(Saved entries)
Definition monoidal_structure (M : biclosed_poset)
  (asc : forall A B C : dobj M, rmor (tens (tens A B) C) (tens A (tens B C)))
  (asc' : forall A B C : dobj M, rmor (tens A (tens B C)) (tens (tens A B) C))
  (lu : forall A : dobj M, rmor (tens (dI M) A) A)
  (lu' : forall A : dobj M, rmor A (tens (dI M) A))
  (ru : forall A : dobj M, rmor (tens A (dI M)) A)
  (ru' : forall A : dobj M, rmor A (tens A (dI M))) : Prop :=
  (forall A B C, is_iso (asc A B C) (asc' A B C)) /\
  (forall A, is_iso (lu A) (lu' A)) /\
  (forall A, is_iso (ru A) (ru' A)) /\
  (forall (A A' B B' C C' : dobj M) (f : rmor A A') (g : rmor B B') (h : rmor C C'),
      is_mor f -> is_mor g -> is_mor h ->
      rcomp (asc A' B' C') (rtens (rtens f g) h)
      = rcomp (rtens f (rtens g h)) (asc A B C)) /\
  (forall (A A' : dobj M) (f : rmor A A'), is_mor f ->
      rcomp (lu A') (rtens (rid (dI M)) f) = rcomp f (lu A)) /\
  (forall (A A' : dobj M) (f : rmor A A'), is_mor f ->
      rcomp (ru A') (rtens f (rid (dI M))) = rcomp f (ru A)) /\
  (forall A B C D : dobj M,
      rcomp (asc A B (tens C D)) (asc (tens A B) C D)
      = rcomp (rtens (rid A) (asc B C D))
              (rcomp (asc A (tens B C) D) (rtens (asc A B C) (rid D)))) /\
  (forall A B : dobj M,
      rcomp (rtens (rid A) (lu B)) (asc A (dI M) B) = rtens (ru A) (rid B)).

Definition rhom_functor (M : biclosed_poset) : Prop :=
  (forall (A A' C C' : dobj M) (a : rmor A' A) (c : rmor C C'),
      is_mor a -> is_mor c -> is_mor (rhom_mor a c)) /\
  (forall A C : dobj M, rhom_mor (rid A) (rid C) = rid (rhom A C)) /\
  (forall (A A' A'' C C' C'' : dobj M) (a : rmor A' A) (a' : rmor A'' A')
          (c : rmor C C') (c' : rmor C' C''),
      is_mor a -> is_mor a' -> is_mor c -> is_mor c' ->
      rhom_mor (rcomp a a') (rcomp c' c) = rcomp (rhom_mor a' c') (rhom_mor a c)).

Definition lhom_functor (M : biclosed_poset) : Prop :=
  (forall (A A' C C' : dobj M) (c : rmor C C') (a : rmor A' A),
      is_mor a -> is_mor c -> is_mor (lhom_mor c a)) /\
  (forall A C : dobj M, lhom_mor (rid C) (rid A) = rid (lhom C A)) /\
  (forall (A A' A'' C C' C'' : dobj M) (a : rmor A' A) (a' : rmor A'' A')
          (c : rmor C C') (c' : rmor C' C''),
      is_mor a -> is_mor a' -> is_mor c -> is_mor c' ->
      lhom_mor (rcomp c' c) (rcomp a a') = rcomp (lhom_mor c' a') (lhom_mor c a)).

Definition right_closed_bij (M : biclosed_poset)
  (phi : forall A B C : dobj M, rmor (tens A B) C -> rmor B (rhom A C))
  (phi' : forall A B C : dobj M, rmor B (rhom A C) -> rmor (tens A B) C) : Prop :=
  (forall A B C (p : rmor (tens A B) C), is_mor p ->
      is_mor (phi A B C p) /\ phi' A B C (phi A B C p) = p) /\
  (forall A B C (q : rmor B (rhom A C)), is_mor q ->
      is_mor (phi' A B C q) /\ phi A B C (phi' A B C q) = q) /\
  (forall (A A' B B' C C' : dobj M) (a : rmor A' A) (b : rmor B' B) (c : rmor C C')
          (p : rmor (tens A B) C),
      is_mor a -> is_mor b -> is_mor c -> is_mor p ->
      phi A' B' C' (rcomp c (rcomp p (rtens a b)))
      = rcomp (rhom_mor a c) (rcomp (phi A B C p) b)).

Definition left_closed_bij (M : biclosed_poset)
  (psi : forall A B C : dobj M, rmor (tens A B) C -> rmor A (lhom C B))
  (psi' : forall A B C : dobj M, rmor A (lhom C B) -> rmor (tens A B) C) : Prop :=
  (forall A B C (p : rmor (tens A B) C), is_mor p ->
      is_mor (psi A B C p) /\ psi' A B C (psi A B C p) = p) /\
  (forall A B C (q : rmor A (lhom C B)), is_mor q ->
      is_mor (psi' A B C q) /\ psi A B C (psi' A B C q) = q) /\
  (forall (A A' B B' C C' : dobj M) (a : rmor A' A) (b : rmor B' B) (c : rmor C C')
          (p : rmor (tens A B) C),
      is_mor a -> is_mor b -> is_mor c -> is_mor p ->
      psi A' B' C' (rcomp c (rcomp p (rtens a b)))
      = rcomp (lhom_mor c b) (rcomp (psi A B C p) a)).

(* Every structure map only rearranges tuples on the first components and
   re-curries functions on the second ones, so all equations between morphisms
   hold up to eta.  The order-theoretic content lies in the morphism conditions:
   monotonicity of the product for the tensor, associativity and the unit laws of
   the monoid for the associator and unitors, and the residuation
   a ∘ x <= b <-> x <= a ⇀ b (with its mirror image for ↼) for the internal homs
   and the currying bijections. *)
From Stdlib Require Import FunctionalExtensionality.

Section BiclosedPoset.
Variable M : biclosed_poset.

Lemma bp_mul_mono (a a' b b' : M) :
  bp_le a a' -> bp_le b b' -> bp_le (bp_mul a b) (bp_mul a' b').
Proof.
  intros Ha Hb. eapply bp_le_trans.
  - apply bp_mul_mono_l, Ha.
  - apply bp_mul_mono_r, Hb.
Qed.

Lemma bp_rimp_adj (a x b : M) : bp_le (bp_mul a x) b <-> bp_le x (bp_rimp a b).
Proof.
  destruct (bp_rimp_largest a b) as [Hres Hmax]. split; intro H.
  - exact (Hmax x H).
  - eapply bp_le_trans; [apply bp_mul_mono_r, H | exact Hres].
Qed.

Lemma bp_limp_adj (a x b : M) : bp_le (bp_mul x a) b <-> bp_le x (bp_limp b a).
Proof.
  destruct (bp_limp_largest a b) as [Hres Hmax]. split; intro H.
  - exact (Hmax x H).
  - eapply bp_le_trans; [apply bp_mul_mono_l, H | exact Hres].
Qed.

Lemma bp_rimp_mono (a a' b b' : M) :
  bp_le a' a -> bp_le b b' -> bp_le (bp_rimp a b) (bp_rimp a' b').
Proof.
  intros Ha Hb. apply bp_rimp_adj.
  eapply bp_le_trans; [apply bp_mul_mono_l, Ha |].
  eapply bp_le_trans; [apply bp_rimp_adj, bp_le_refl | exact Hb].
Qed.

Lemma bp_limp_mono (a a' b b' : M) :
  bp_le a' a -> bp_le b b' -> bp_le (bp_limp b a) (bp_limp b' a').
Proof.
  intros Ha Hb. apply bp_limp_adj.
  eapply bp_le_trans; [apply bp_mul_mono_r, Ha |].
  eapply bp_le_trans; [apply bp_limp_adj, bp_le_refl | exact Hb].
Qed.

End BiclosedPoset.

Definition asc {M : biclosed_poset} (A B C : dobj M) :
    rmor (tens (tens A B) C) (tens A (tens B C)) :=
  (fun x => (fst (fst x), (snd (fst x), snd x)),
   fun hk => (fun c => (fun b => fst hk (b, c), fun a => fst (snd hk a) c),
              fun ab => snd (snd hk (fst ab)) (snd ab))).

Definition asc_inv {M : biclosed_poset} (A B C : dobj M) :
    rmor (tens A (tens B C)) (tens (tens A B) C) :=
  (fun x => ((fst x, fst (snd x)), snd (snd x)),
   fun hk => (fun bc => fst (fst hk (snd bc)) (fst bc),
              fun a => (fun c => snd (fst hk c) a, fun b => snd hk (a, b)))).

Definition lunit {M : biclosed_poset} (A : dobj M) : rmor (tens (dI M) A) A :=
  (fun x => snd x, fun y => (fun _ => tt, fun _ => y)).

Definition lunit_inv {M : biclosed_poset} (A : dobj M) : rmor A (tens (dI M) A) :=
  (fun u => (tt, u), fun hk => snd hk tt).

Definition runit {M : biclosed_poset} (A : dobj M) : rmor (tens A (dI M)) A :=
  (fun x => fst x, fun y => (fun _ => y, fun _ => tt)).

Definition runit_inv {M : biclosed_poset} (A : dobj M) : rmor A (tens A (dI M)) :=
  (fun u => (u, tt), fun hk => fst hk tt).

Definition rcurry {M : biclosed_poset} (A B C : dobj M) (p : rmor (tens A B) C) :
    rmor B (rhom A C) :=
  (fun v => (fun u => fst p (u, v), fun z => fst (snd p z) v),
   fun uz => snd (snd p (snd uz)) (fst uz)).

Try it >> Your answer must be one number: the count of lines in the entries that contain the string "intros".

Response >> 3